What is required: The stretch wanted below opens at the line containing "by rewrite /inner" and closes at the line containing "adj_dens_sub_scaled_idem) /optr -mulr_suml". Please return it exactly, with no other lines.

Input data:
[Start of Attachment]
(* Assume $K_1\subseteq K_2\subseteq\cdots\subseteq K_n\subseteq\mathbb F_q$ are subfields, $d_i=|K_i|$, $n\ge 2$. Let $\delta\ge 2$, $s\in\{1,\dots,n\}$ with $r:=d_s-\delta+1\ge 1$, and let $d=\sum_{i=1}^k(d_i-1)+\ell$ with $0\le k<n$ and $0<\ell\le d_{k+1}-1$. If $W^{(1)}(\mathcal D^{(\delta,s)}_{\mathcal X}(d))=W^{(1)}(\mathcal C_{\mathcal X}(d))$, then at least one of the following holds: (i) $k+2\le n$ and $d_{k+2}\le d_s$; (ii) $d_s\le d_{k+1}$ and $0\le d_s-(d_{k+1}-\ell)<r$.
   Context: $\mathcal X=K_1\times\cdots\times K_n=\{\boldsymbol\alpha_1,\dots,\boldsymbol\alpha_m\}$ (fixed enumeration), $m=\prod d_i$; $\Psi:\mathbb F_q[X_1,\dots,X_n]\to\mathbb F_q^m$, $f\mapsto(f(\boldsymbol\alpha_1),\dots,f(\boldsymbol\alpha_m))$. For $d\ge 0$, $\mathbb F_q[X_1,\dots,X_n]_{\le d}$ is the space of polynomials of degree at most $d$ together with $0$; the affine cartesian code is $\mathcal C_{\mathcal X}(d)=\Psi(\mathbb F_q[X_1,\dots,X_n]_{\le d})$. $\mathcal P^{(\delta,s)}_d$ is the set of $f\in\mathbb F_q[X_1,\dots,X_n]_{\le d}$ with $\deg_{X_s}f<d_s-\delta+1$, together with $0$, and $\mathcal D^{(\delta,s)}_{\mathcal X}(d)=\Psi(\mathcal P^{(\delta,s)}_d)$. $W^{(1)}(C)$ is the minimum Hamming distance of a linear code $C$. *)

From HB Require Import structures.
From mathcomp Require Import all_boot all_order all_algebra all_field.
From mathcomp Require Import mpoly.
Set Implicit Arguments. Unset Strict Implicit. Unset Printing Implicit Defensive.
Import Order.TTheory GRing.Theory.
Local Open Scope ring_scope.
[End of Attachment]
[Start of Attachment]
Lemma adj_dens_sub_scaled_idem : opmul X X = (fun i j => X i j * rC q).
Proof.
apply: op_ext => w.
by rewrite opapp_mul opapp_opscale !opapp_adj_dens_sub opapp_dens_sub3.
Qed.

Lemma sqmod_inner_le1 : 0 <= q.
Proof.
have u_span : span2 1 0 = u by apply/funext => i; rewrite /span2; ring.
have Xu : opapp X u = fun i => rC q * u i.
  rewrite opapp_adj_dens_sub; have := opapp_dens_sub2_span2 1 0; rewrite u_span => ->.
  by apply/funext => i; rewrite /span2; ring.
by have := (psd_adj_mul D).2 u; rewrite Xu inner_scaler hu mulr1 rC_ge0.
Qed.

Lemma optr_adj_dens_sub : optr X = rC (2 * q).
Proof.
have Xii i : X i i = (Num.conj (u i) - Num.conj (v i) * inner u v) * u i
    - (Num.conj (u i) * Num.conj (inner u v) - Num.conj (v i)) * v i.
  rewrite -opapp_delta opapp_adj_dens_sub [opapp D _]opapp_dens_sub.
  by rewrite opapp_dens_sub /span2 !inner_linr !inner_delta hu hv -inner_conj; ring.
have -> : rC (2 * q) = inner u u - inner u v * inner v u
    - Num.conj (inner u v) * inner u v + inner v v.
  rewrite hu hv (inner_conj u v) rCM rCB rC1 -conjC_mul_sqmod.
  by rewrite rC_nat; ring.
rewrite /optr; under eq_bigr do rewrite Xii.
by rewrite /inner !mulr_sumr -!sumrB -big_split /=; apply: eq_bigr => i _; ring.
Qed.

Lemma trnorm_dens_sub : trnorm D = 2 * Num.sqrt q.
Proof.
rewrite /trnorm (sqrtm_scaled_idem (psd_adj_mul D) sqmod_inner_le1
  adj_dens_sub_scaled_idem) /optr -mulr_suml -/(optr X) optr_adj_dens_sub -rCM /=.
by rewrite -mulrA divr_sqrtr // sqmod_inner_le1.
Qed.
[End of Attachment]
Exercise result:
by rewrite /inner !mulr_sumr -!sumrB -big_split /=; apply: eq_bigr => i _; ring.
Qed.

Lemma trnorm_dens_sub : trnorm D = 2 * Num.sqrt q.
Proof.
rewrite /trnorm (sqrtm_scaled_idem (psd_adj_mul D) sqmod_inner_le1
  adj_dens_sub_scaled_idem) /optr -mulr_suml -/(optr X) optr_adj_dens_sub -rCM /=.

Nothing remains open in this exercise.